My Cancer Journey

2/8/2017
My Post-Chemo Vacation Dreams

One thing I'm learning on my cancer journey, is to take it one day at a time.
And plan for the future.
I've already decided on long hot pink hair IF mine should decide to fall out.
My next plan is my post-chemo vacation.
A place where I can relax and recoup with no stress, no iv bags, no tubes or needles or nausea.
So, where should I go?


Local to NC of course, and my favorite rest spot
See that soft tan sand?
The beautiful blue green water?
The softly lapping waves?

And right in the middle of this picture,
picture me,
laying in a hammock 
in my hot pink wig.
lol

I am a history buff, I love stories of how this country started.
So what's a trip without a little learning?
We have talked about seeing this every
time we go to the beach, and never get there.
But since this trip I am not going to be in
hiking form, sitting and watching
Ghosts of The Lost Colony
is a good choice.



Now when I'm tired and just need some quiet time, I'll send Chuck and the kids to
Jockey's Ridge State Park,
the world's largest sand dune.
I'll be sitting on the beach again,
having some alone time with my son who I never get to see as much as I want since he grew up and moved out of state.

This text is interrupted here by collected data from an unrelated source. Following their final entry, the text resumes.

Lemma sum_nat_single (a b k : nat) f : (a <= k < b)%N ->
  (forall r, (a <= r < b)%N -> r != k -> f r = 0) -> \sum_(a <= r < b) f r = f k.
Proof.
move=> kab f0; rewrite (bigD1_seq k) ?mem_index_iota ?iota_uniq //= big1_seq ?addr0 //.
by move=> r /andP[rk]; rewrite mem_index_iota => /f0->.
Qed.

Lemma sum_odd_lt4 f : \sum_(0 <= c < 4 | odd c) f c = f 1%N + f 3%N.
Proof. by rewrite big_mkcond !big_nat_recr //= big_geq // !(add0r, addr0). Qed.

Lemma sum_odd_lt8 f :
  \sum_(0 <= c < 8 | odd c) f c = f 1%N + f 3%N + f 5%N + f 7%N.
Proof. by rewrite big_mkcond !big_nat_recr //= big_geq // !(add0r, addr0). Qed.

End OddSums.

Lemma expn_1_plus_pow2 (a j u : nat) : (2 <= a)%N -> odd u ->
  exists2 v, odd v & ((1 + 2 ^ a * u) ^ (2 ^ j) = 1 + 2 ^ (a + j) * v)%N.
Proof.
move=> a_ge2 u_odd; elim: j => [|j [v v_odd vE]]; first by exists u; rewrite ?addn0.
exists (v + 2 ^ (a + j).-1 * v ^ 2)%N.
  by rewrite oddD v_odd oddM oddX (_ : (a + j).-1 == 0%N = false) //; apply/eqP; lia.
have X2 : (2 ^ (a + j) = 2 * 2 ^ (a + j).-1)%N by rewrite -expnS prednK //; lia.
rewrite expnSr expnM vE addnS expnS; set X := (2 ^ (a + j).-1)%N.
by rewrite !expnS expn0 !muln1 X2 -/X; ring.
Qed.

Lemma pow2_odd_mod (b v : nat) : odd v -> (2 ^ b * v = 2 ^ b %[mod 2 ^ b.+1])%N.
Proof.
move=> v_odd; rewrite -(odd_double_half v) v_odd -addnn.
have -> : (2 ^ b * (true + (v./2 + v./2)) = v./2 * 2 ^ b.+1 + 2 ^ b)%N.
  by rewrite expnS /=; lia.
by rewrite modnMDl.
Qed.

And for our last night there,
nothing is more fun than some interactive
action.  And this
OBX Mystery Dinner
looks like a blast.

Does any of this look like fun to you?
Be blessed,
Debbi



01/16/17

My Cancer Journey


Yep.
This is my life now.
Which is why my posts have been sooooo spread out lately.

Today I have stage 2A
adenocarcinoma. 
Otherwise known as lung cancer.

You can read the beginnings of my health issues here
and here.

And here is where I am today...
doctor appointment after doctor appointment after doctor appointment.  I now have my GP who is watching my diabetes, which is mostly under control.  In fact, my latest A1C says that I am NOT diabetic anymore.  Yippee!!!
I also have a cardiologist, a pulmonary doctor, a surgeon specialist, an oncologist....and her whole team, and this week I get to meet a new surgeon who is going to give my a port-a-cath, which is a small device implanted under the skin where they can hook me up for my chemotherapy treatments.  In fact, I have a doctors appointment every day this week.
So much for a regular life right now.

But it's not all doom and gloom.

After my surgery they only found a few cancer cells in 2 out of 7 lymph nodes (which is what bumped me up to stage 2A) so it is very early and the doctors are very optimistic that the chemo will be successful, and I will only need 4 treatments over the next 12 weeks.  


A "perk" of this situation is my brother and sister made the trip from New York to visit me this past weekend.  It was wonderful.

When you live 5 states away from each other, visits are few and far between, and while we talk on the phone and share on Facebook, there is nothing like a real physical visit.

We played games, (I found out that my brother STILL cheats, hahahaha)
talked, and laughed till it hurt.
I laughed so hard, I kept running out of breath.
I loved it,
but I am exhausted. 

Here's another positive, when (IF) I lose my hair, I can go shopping for more vintage hats

And

I told hubby I'm getting a HOT PINK WIG!
What do you think?
I don't know who this girl is, but she is beautiful and that hair is
AWESOME!

Hubby is not so thrilled, so I'll get a normal boring wig too. hahahaha

My 15 year old daughter just told me I was too old for pink hair.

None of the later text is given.